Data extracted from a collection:
===

(* Let $\mathbb{X}=\{p_1,\dots,p_n\}\subseteq\mathbb{P}^{k-1}$ with $n\ge2$, let $L\in P_1$ vanish at no point of $\mathbb{X}$, for each $i$ let $v_i=(p_{i1},\dots,p_{ik})\in\mathbb{F}_q^k$ be the coordinate vector of $p_i$ with $L(v_i)=1$, and let $\widehat{\mathfrak{J}}_{\mathbb{X}}\subseteq P$ be the preimage of the canonical ideal $\mathfrak{J}_{R/\mathbb{F}_q[\ell]}$. Then: (a) $(\widehat{\mathfrak{J}}_{\mathbb{X}})_{2r_{\mathbb{X}}-1}=\{g\in P_{2r_{\mathbb{X}}-1}: g(v_1)+\cdots+g(v_n)=0\}$; (b) the element $\Phi_{\mathbb{X}}=\sum_{\alpha\in\mathbb{N}^k,\,|\alpha|=2r_{\mathbb{X}}-1}\Big(\sum_{i=1}^np_{i1}^{\alpha_1}\cdots p_{ik}^{\alpha_k}\Big)\pi^{[\alpha]}\in\mathcal{D}_{-(2r_{\mathbb{X}}-1)}$ (i.e. the functional $g\mapsto\sum_ig(v_i)$ on $P_{2r_{\mathbb{X}}-1}$) is nonzero and generates the Macaulay inverse system of $\widehat{\mathfrak{J}}_{\mathbb{X}}$: $(\widehat{\mathfrak{J}}_{\mathbb{X}})^\perp=P\circ\Phi_{\mathbb{X}}$.
   Context: $P=\mathbb{F}_q[x_1,\dots,x_k]$ standard graded; $\mathbb{X}$ a set of $n$ distinct $\mathbb{F}_q$-rational points of $\mathbb{P}^{k-1}$, $I_{\mathbb{X}}$ its vanishing ideal, $R=P/I_{\mathbb{X}}$, $r_{\mathbb{X}}=\min\{i\ge0:\dim R_i=n\}$; $\ell$ the class of $L$ in $R$. With $f(p_j)=f(v_j)$, the separators are the unique $f_1,\dots,f_n\in R_{r_{\mathbb{X}}}$ with $f_i(p_j)=\delta_{ij}$, and the canonical ideal is $\mathfrak{J}_{R/\mathbb{F}_q[\ell]}=\{\sum_i\varphi(f_i)f_i:\varphi\in\mathrm{Hom}_{\mathbb{F}_q[\ell]}(R,\mathbb{F}_q[\ell])\}\subseteq R$. $\mathcal{D}=\bigoplus_{j\ge0}\mathrm{Hom}_{\mathbb{F}_q}(P_j,\mathbb{F}_q)$ with $\mathcal{D}_{-j}=\mathrm{Hom}(P_j,\mathbb{F}_q)$ and basis $\pi^{[\beta]}$ dual to the monomials, $\pi^{[\beta]}(x^\alpha)=\delta_{\alpha\beta}$. $P$ acts by contraction: for $f\in P_d$, $\psi\in\mathcal{D}_{-j}$, $(f\circ\psi)(g)=\psi(fg)$ for $g\in P_{j-d}$. For a homogeneous ideal $J$, $J^\perp=\{\psi\in\mathcal{D}:f\circ\psi=0\ \forall f\in J\}$, and $P\circ\Phi$ is the submodule generated by $\Phi$. *)

From HB Require Import structures.
From mathcomp Require Import all_boot all_order all_algebra all_field.
From mathcomp Require Import mpoly.
Set Implicit Arguments. Unset Strict Implicit. Unset Printing Implicit Defensive.
Import GRing.Theory.
Local Open Scope ring_scope.

Section Defs.
Variables (F : finFieldType) (k n : nat).
Implicit Types (f g : {mpoly F[k]}) (v : 'I_n -> 'I_k -> F).

Definition hcomp (d : nat) f : {mpoly F[k]} := pihomog mdeg d f.

(* The homogeneous vanishing ideal I_X of the points v_1..v_n (projective
   points p_i with representatives v_i): f \in I_X iff every homogeneous
   component of f vanishes at every v_i. *)
Definition in_IX v f : Prop := forall (d : nat) (i : 'I_n), (hcomp d f).@[v i] = 0.

(* dim R_d = n, where R_d = P_d / (I_X)_d ; since (I_X)_d is the kernel of
   the evaluation map P_d -> F^n, g |-> (g(v_i))_i, dim R_d = n iff this
   map is onto. *)
Definition dimR_full v (d : nat) : Prop :=
  forall w : 'I_n -> F, exists2 g : {mpoly F[k]}, g \is d.-homog &
    forall j, g.@[v j] = w j.

(* Evaluation of a univariate polynomial (in F[t]) at L in P:
   the isomorphism F[t] ~ F[l] composed with a lift to P. *)
Definition evalL (L : {mpoly F[k]}) (p : {poly F}) : {mpoly F[k]} :=
  \sum_(j < size p) p`_j *: L ^+ j.

(* psi : P -> F[t] represents an F[l]-linear map phi : R -> F[l]
   (composed with P ->> R, and with F[l] ~ F[t], t |-> l). *)
Definition is_FlHom v (L : {mpoly F[k]}) (psi : {mpoly F[k]} -> {poly F}) : Prop :=
  [/\ forall f g, psi (f + g) = psi f + psi g,
      forall (c : F) f, psi (c *: f) = c *: psi f,
      forall f, psi (L * f) = 'X * psi f
    & forall f, in_IX v f -> psi f = 0].
(* Consider the stochastic rolling-window dispatch problem $P_t$ described in the context with an optimal primal-dual solution, and define $\pi^{LMP}_t:=\lambda_t^*$ and, for ESR $i$, $\pi_{it}^{TLMP\text{-}C}:=\lambda^*_t-\xi_i^{C}\phi^*_{it}-\Delta_{it}^{C*}$, $\pi_{it}^{TLMP\text{-}D}:=\lambda^*_t-\phi^*_{it}/\xi_i^{D}+\Delta_{it}^{D*}$, where $\Delta_{it}^{C*}:=-(\bar{\mu}_{it}^{C*}-\underline{\mu}_{it}^{C*})+\sum_{k=1}^K(\bar{\mu}_{i(t+1)k}^{C*}-\underline{\mu}_{i(t+1)k}^{C*})$ and $\Delta_{it}^{D*}$ is defined identically with $D$ in place of $C$. Suppose that in window $\mathscr{H}_t$, at the optimal solution: (1) no ramping constraint of storage $i$ from $t-1$ to $t$, nor from $t$ to $t+1$ (in any scenario), is binding; and (2) no SOC limit constraint of storage $i$ is binding in any interval from $t$ to $t+W-1$ (in any scenario). Then $\pi_{it}^{TLMP\text{-}C}=\pi_{it}^{TLMP\text{-}D}=\pi^{LMP}_t$.
   Context: Single-bus market with $N$ energy storage resources (ESRs) indexed by $i$. ESR $i$ has charging/discharging efficiencies $\xi_i^{C},\xi_i^{D}\in(0,1]$, SOC limits $\underline{E}_i\le\bar{E}_i$, charging/discharging power limits $(\underline{g}_i^{C},\bar{g}_i^{C})$, $(\underline{g}_i^{D},\bar{g}_i^{D})$, ramp limits $\underline{r}_i^{C},\bar{r}_i^{C},\underline{r}_i^{D},\bar{r}_i^{D}$, and bid-in charging benefit and discharging cost functions $f^{C}_{it},f^{D}_{it}$. At interval $t$ the operator solves, over the window $\mathscr{H}_t=\{t,\dots,t+W-1\}$, given realized inelastic demand $d_t$, $K$ demand forecast scenarios $\hat d_{t'k}$ ($t'\in\mathscr{H}_t\setminus\{t\}$) with probabilities $\epsilon_k$, and previously realized values $g^{C*}_{i(t-1)},g^{D*}_{i(t-1)},E^*_{i(t-1)}$, the problem $P_t$: minimize $\sum_i\big(f^{D}_{it}(g^{D}_{it})-f^{C}_{it}(g^{C}_{it})\big)+\sum_k\epsilon_k\sum_{t'\in\mathscr{H}_t\setminus\{t\}}\sum_i\big(f^{D}_{it'}(g^{D}_{it'k})-f^{C}_{it'}(g^{C}_{it'k})\big)$ subject to, for all $i$, $k$, $t'\in\mathscr{H}_t\setminus\{t\}$ (with the convention that in scenario $k$ the interval-$t$ variables are the binding variables $g_{it},E_{it}$): power balance $\sum_i(g^{D}_{it}-g^{C}_{it})=d_t$ (multiplier $\lambda_t$) and $\sum_i(g^{D}_{it'k}-g^{C}_{it'k})=\hat d_{t'k}$; SOC transition $E_{it}-E^*_{i(t-1)}=\xi_i^{C}g^{C}_{it}-g^{D}_{it}/\xi_i^{D}$ (multiplier $\phi_{it}$) and $E_{it'k}-E_{i(t'-1)k}=\xi_i^{C}g^{C}_{it'k}-g^{D}_{it'k}/\xi_i^{D}$ (multiplier $\phi_{it'k}$); SOC limits $\underline{E}_i\le E_{it}\le\bar E_i$ (multipliers $\underline{\delta}_{it},\bar\delta_{it}$), $\underline{E}_i\le E_{it'k}\le\bar E_i$ (multipliers $\underline{\delta}_{it'k},\bar\delta_{it'k}$); ramping $-\underline{r}_i^{C}\le g^{C}_{it}-g^{C*}_{i(t-1)}\le\bar r_i^{C}$ (multipliers $\underline{\mu}^{C}_{it},\bar\mu^{C}_{it}$), $-\underline{r}_i^{C}\le g^{C}_{it'k}-g^{C}_{i(t'-1)k}\le\bar r_i^{C}$ (multipliers $\underline{\mu}^{C}_{it'k},\bar\mu^{C}_{it'k}$), and the same with $D$ in place of $C$; power limits $\underline g_i^{C}\le g^{C}\le\bar g_i^{C}$, $\underline g_i^{D}\le g^{D}\le\bar g_i^{D}$ for all binding and scenario variables (multipliers $\underline\rho,\bar\rho$). Multipliers of inequality constraints are nonnegative and enter the Lagrangian as $\bar\mu(x-\text{upper})+\underline\mu(\text{lower}-x)$; SOC transition equalities enter as $\phi\times$(LHS$-$RHS); power balance enters as $\lambda_t\big(d_t-\sum_i(g^D_{it}-g^C_{it})\big)$. $\pi^{LMP}_t$ is the locational marginal price and $\pi^{TLMP}_{it}$ the temporal locational marginal price of ESR $i$ (charging/discharging versions). *)

From HB Require Import structures.
From mathcomp Require Import all_boot all_order all_algebra.
Set Implicit Arguments. Unset Strict Implicit. Unset Printing Implicit Defensive.
Import Order.TTheory GRing.Theory Num.Theory.
Local Open Scope ring_scope.
(* Let $\mathcal B$ be a finite set of complex numbers $\beta$ with $\mathrm{Re}(\beta)\ge\gamma\ge1$, let $s>0$, and $\theta_\beta(z)=(z+\beta)^{-1}$. Let $H$ be a bounded, mildly regular open subset of $\mathbb C$ with $H\supset\{z:|z-1/(2\gamma)|<1/(2\gamma)\}$ and $\mathrm{Re}(z)>0$ for all $z\in H$, and let $v_s$ be the strictly positive eigenvector (unique up to normalization) of $\Lambda_s:C^m(\bar H)\to C^m(\bar H)$, $(\Lambda_sf)(z)=\sum_{\beta\in\mathcal B}|z+\beta|^{-2s}f(\theta_\beta(z))$, $m\ge1$. Then for all $z_0,z_1\in H$, $$v_s(z_0)\le v_s(z_1)\exp\big[(\sqrt5\,s/\gamma)|z_1-z_0|\big].$$
   Context: $H$ is mildly regular if there exist $\eta>0$, $M\ge1$ such that whenever $x,y\in H$ with $\|x-y\|<\eta$ there is a Lipschitz $\psi:[0,1]\to H$ with $\psi(0)=x$, $\psi(1)=y$, $\int_0^1\|\psi'(t)\|dt\le M\|x-y\|$. $C^m(\bar H)$ is the space of real $C^m$ functions on $H$ whose partial derivatives of order $\le m$ extend continuously to $\bar H$. *)

(* Complex numbers are represented as pairs
   (Re z, Im z) : R * R, with complex arithmetic and the complex modulus
   written out explicitly below. *)
From HB Require Import structures.
From mathcomp Require Import all_boot all_order all_algebra.
From mathcomp Require Import all_classical all_reals all_analysis.
Set Implicit Arguments. Unset Strict Implicit. Unset Printing Implicit Defensive.
Import Order.TTheory GRing.Theory Num.Theory.
Import numFieldNormedType.Exports.
Local Open Scope classical_set_scope.
Local Open Scope ring_scope.

Section Defs.
Variable R : realType.

Definition cabs (z : R * R) : R := Num.sqrt (z.1 ^+ 2 + z.2 ^+ 2).

Definition cinv (z : R * R) : R * R :=
  let n := z.1 ^+ 2 + z.2 ^+ 2 in (z.1 / n, - z.2 / n).

Definition theta (b z : R * R) : R * R := cinv (z + b).

Definition Lambda (B : seq (R * R)) (s : R) (f : R * R -> R) (z : R * R) : R :=
  \sum_(b <- B) (cabs (z + b)) `^ (- (2 * s)) * f (theta b z).

Definition dir (i : bool) : R * R := if i then (1, 0) else (0, 1).

Fixpoint pd (l : seq bool) (f : R * R -> R) : R * R -> R :=
  match l with
  | [::] => f
  | i :: l' => fun p => 'D_(dir i) (pd l' f) p
  end.

(* f (restricted to the open set H) belongs to C^m(closure H): all partial
   derivatives of order <= m exist and are continuous on H, and each of
   them extends continuously to the closure of H. *)
Definition CmBar (m : nat) (H : set (R * R)) (f : R * R -> R) : Prop :=
  forall l : seq bool, (size l <= m)%N ->
    [/\ (size l < m)%N -> forall p, H p ->
          forall i, derivable (pd l f) p (dir i),
        forall p, H p -> {for p, continuous (pd l f)}
      & exists g : R * R -> R,
          {within closure H, continuous g} /\ forall p, H p -> pd l f p = g p].

Definition mildly_regular (H : set (R * R)) : Prop :=
  exists eta : R, exists M : R, 0 < eta /\ 1 <= M /\
    forall x y, H x -> H y -> cabs (x - y) < eta ->
      exists psi : R -> R * R,
        [/\ [lipschitz psi t | t in `[0, 1]],
            forall t, t \in `[0, 1] -> H (psi t),
            psi 0 = x, psi 1 = y &
            (\int[lebesgue_measure]_(t in `[0%R, 1%R]) (cabs (derive1 psi t))%:E
               <= (M * cabs (x - y))%:E)%E].

End Defs.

===

**What is expected:** Using the data above, show each line where "continuously" occurs.

**Written solution:**
   Context: $H$ is mildly regular if there exist $\eta>0$, $M\ge1$ such that whenever $x,y\in H$ with $\|x-y\|<\eta$ there is a Lipschitz $\psi:[0,1]\to H$ with $\psi(0)=x$, $\psi(1)=y$, $\int_0^1\|\psi'(t)\|dt\le M\|x-y\|$. $C^m(\bar H)$ is the space of real $C^m$ functions on $H$ whose partial derivatives of order $\le m$ extend continuously to $\bar H$. *)
   them extends continuously to the closure of H. *)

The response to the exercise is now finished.